_Task item_
Going through the material underneath, give only the number of lines that contain "case".

★ ★ ★ ★ ★

Lemma reducible_ring_closed n : common_reducible n -> ring_closed (reducible n).
Proof.
move=> Cn; have rC (c : R) : reducible n c%:MP by apply: reducible_RSigmaE; apply: uses_onlyC.
split; [rewrite -mpolyC0 | rewrite -mpolyC1 | rewrite -mpolyC1 -mpolyCN | |] => //.
  by move=> x y; apply: reducibleD.
exact: reducibleM.
Qed.

Lemma common_reducible0 : common_reducible 0.
Proof.
move=> r g gP; have /fin_all_exists [h hP] : forall i, exists h,
    in_RSigmaE E h /\ in_IG E (sgprod (fun=> 0%N) * g i - h).
  move=> i; have [_ [k k0 [h hE hI]]] := gP i.
  by exists h; rewrite !sgprod_supp0 in hI *.
by exists (fun=> 0%N) => //; exists h.
Qed.

Lemma low_reducible_from_sigma n : common_reducible n ->
  (forall u v : 'I_p, (u < n)%N -> (v < n)%N -> reducible n (sigma R u v)) ->
  low_reducible n.
Proof.
move=> Cn sigmaP; have [_ _ _ PD PM] := reducible_ring_closed Cn.
apply: uses_only_ind => // [c|v [i [j [ij jn ->]]]].
  by apply: reducible_RSigmaE; apply: uses_onlyC.
by have := sigmaP i j (leq_ltn_trans ij jn) jn; rewrite /sigma ij.
Qed.

Lemma common_reducibleS n :
  common_reducible n -> low_reducible n -> common_reducible n.+1.
Proof.
move=> Cn Ln r g gP.
have /fin_all_exists [k kP] : forall i, exists k, supp_lt n.+1 k /\
    exists2 h, in_RSigmaE E h & in_IG E (sgprod k * g i - h).
  by move=> i; have [_ [k kn hP]] := gP i; exists k.
have /fin_all_exists [h hP] : forall i, exists h,
    in_RSigmaE E h /\ in_IG E (sgprod (k i) * g i - h).
  by move=> i; have [_ [h hE hI]] := kP i; exists h.
pose K x := (\sum_(i < r) k i x)%N.
have Kn : supp_lt n.+1 K by move=> x nx; apply: big1 => i _; case: (kP i) => -> .
have le_kK i x : (k i x <= K x)%N by rewrite /K (bigD1 i) //= leq_addr.
pose g' i := sgprod (fun x => K x - k i x)%N * h i.
have g'P i : reducible n (g' i).
  apply: reducibleM; last by apply: reducible_RSigmaE; case: (hP i).
  by apply: Ln; apply: sgprod_below => x nx; rewrite Kn.
have [q qn [c cP]] := Cn r g' g'P.
exists (fun x => q x + K x)%N; first by move=> x nx; rewrite qn ?Kn // ltnW.
exists c => i; have [cE cI] := cP i; have [_ hI] := hP i; split => //.
have -> : sgprod (fun x => q x + K x)%N =
    sgprod q * sgprod (fun x => K x - k i x)%N * sgprod (k i).
  by rewrite -!sgprodD; apply: eq_sgprod => x; rewrite -addnA subnK.
have -> : sgprod q * sgprod (fun x => K x - k i x)%N * sgprod (k i) * g i - c i =
    sgprod q * sgprod (fun x => K x - k i x)%N * (sgprod (k i) * g i - h i)
    + (sgprod q * g' i - c i) by rewrite /g'; ring.
by apply: in_IGD => //; apply: in_IGMl => //; apply: uses_onlyM; apply: sgprod_in_RSigma.
Qed.
(* Let $k,h\ge1$ and let $G=\vartheta_{B_k}^{\mathcal B,h}$ be a $k$-molecule. Then (1) the connectivity of $G$ is $k$; (2) $B_k$ is an edge cover set of $G$ of minimum cardinality, so $\mathrm{Cycl}(G)=k$; and (3) $\mathrm{Ent}(G)=k$.
   Context: Graphs are finite and undirected. A graph is $k$-connected if one must remove at least $k$ vertices to disconnect it; the connectivity is the largest such $k$ (by convention the complete graph $K_m$, $m\ge3$, has connectivity $m-1$). $k$-molecule: for $k,h\ge1$, $B_k=\{b_1,\dots,b_k\}$ and a set $\mathcal B$ of edges among vertices of $B_k$, $\vartheta_{B_k}^{\mathcal B,h}$ is the graph with vertex set $B_k\cup\{v_1,\dots,v_h\}$ and edge set $\mathcal B\cup\{v_ib_j:1\le i\le h,1\le j\le k\}$, where it is required that $h\ge k-k'$, $k'$ being the connectivity of the subgraph induced by $B_k$. An edge cover set of $G$ is a set $X\subseteq V_G$ containing at least one endpoint of every edge (i.e. a vertex cover). $\mathrm{Cycl}(G)$ (cyclicity) is the minimum size of a feedback vertex set of the symmetric digraph of $G$ (each edge viewed as two opposite arcs, so each edge forms a directed 2-cycle), which equals the minimum size of an edge cover set. Entanglement: in the game $\mathrm{Ent}(G,k)$ Thief plays against $k$ cops. Initially no cop is placed and Thief picks a vertex. Each round, Cops may do nothing, place a new cop (at most $k$ in total) on Thief's current vertex, or move a placed cop to Thief's current vertex; then Thief must move along an edge to an adjacent vertex not occupied by a cop, and is caught if he cannot. Infinite plays are won by Thief. $\mathrm{Ent}(G)$ is the least $k$ for which Cops have a winning strategy. *)

From mathcomp Require Import all_boot.
Set Implicit Arguments. Unset Strict Implicit. Unset Printing Implicit Defensive.

Definition simple_graph (T : finType) (g : rel T) : Prop :=
  symmetric g /\ irreflexive g.

Definition del_rel (T : finType) (g : rel T) (S : {set T}) : rel T :=
  [rel x y | [&& x \notin S, y \notin S & g x y]].

Definition separates (T : finType) (g : rel T) (S : {set T}) : bool :=
  [exists u, exists v, [&& u \notin S, v \notin S & ~~ connect (del_rel g S) u v]].

Definition kconnected (T : finType) (g : rel T) (n : nat) : bool :=
  [forall S : {set T}, (#|S| < n) ==> ~~ separates g S].

(* Connectivity: the largest n such that G is n-connected, with the convention
   that it is at most #|V| - 1 (so that K_m has connectivity m - 1). *)
Definition connectivity (T : finType) (g : rel T) : nat :=
  \max_(n < #|T| | kconnected g n) n.

Definition edge_cover (T : finType) (g : rel T) (X : {set T}) : bool :=
  [forall x, forall y, g x y ==> (x \in X) || (y \in X)].

(* Directed cycles of a digraph e (a relation); the symmetric digraph of an
   undirected graph g is g itself viewed as a set of arcs, so each edge gives
   the 2-cycle x -> y -> x. *)
Definition has_dcycle (T : finType) (e : rel T) : bool :=
  [exists x, exists y, e x y && connect e y x].

Definition fvs (T : finType) (g : rel T) (X : {set T}) : bool :=
  ~~ has_dcycle (del_rel g X).
Lemma adjoin_submod N g : Rsubmod R N -> Rsubmod R (adjoin N g).
Proof.
have [_ [RD [_ RM]]] := R_subring; move=> [N0 [ND NM]]; split; last split.
- exists (ps0 k), (ps0 k); split => //; first exact: subring0.
  by rewrite psmul0l psadd0l.
- move=> _ _ [u [s [Nu Rs ->]]] [u' [s' [Nu' Rs' ->]]].
  exists (psadd u u'), (psadd s s'); split; [exact: ND | exact: RD |].
  by rewrite psmulDl; exact: SemiGroup.mulmACA.
- move=> r _ Rr [u [s [Nu Rs ->]]]; exists (psmul r u), (psmul r s).
  by split; [exact: NM | exact: RM | rewrite psmulDr psmulA].
Qed.

Lemma adjoin_subl N g x : N x -> adjoin N g x.
Proof.
move=> Nx; exists x, (ps0 k); split => //; first exact: subring0.
by rewrite psmul0l psaddC psadd0l.
Qed.

Lemma adjoin_gen N g : Rsubmod R N -> adjoin N g g.
Proof.
move=> [N0 _]; exists (ps0 k), (ps1 k); split => //; first exact: R_subring.1.
by rewrite psadd0l psmulC psmul1r.
Qed.

Lemma adjoin_min N M g :
  Rsubmod R M -> (forall x, N x -> M x) -> M g -> forall x, adjoin N g x -> M x.
Proof.
move=> [_ [MD MM]] NM Mg _ [u [s [Nu Rs ->]]].
by apply: MD; [apply: NM | apply: MM].
Qed.

Lemma adjoinX_vanish N e n :
  (forall x, N x -> x n = 0) -> (n < e)%N -> forall x, adjoin N (X e) x -> x n = 0.
Proof.
move=> N_n lt_ne _ [u [s [Nu Rs ->]]].
by rewrite /psadd coef_psmulX leqNgt lt_ne N_n // addr0.
Qed.

Definition separating_monomial N M e := M (X e) /\ forall x, N x -> x e = 0.
(* Let $\mathcal{T}$ be an MPQ-tree of an interval graph $G=(V,E)$, let $(x,y)\in E$ with $x$ over $y$ and $node(x)\neq node(y)$. If the $\langle x,y\rangle$-tree-path is not almost rotable, then $(x,y)$ is not an interval edge.
   Context: Graphs are finite and simple; for $G=(V,E)$ and $e\in E$, $G-e=(V,E\setminus\{e\})$. An edge $(x,y)\in E$ of an interval graph $G$ is an interval edge if $G-(x,y)$ is an interval graph. An MPQ-tree of an interval graph $G=(V,E)$, $V=\{1,\dots,n\}$, is a rooted plane tree whose nodes are P-nodes and Q-nodes. Each P-node carries a (possibly empty) set of vertices. A Q-node has $k\ge 3$ ordered positions $1,\dots,k$; position $i$ carries a set $S_i\subseteq V$ (the $i$-th section) and a child subtree $T_i$, which may be empty. Every vertex $v$ is assigned to exactly one node $node(v)$: either $v$ lies in the set of the P-node $node(v)$, or $node(v)$ is a Q-node and $v$ lies exactly in the sections $S_{l(v)},\dots,S_{r(v)}$ of it, with $l(v)<r(v)$. For a node with child subtrees $T_1,\dots,T_k$, $V_i$ denotes the set of vertices assigned to nodes of $T_i$ ($V_i=\emptyset$ if $T_i$ is empty). The maximal cliques of $G$ are in bijection with the descending paths from the root which at a P-node continue into one of its children (stopping if there is none) and at a Q-node choose a position $i$ and continue into $T_i$ (stopping if $T_i$ is empty); the clique is the union of the sets of the visited P-nodes and the chosen sections. Reading these cliques left to right gives a linear order of the maximal cliques, and the orders obtained this way after arbitrarily permuting children of P-nodes and reversing the positions of Q-nodes are exactly the orders of the maximal cliques of $G$ in which the cliques containing any fixed vertex are consecutive. Moreover, for every Q-node with sections $S_1,\dots,S_k$: (a) $V_1\neq\emptyset$ and $V_k\ne\emptyset$; (b) $S_1\subseteq S_2$ and $S_k\subseteq S_{k-1}$; (c) $S_{i-1}\cap S_i\neq\emptyset$ for $2\le i\le k$; (d) $S_{i-1}\neq S_i$ for $2\le i\le k$; (e) $(S_i\cap S_{i+1})\setminus S_1\neq\emptyset$ and $(S_{i-1}\cap S_i)\setminus S_k\neq\emptyset$ for $2\le i\le k-1$; (f) $(S_{i-1}\cup V_{i-1})\setminus S_i\neq\emptyset$ and $(S_i\cup V_i)\setminus S_{i-1}\neq\emptyset$ for $2\le i\le k$; and further (g) no empty P-node has an empty P-node as its parent, (h) no P-node has exactly one child whose root is a P-node, (i) every child subtree of a P-node is nonempty. We say $x$ is over $y$ if $node(x)$ is the lowest common ancestor of $node(x)$ and $node(y)$ in $\mathcal{T}$. For $x$ over $y$ with $node(x)\ne node(y)$, the $\langle x,y\rangle$-tree-path is the tree path $node(x)=n_1,n_2,\dots,n_t=node(y)$. For a Q-node with sections $S_1,\dots,S_k$, section $S_a$ is central if $1<a<k$. The path goes through a central section if for some $1<i<t$, $n_i$ is a Q-node and $n_{i+1}$ lies in the subtree $T_a$ of a central section $S_a$ of $n_i$. The path is almost rotable if it does not go through a central section and $n_t$ is a P-node that is a leaf of $\mathcal{T}$. *)

From Stdlib Require Import Permutation.
From HB Require Import structures.
From mathcomp Require Import all_boot.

★ ★ ★ ★ ★

_Response box_
2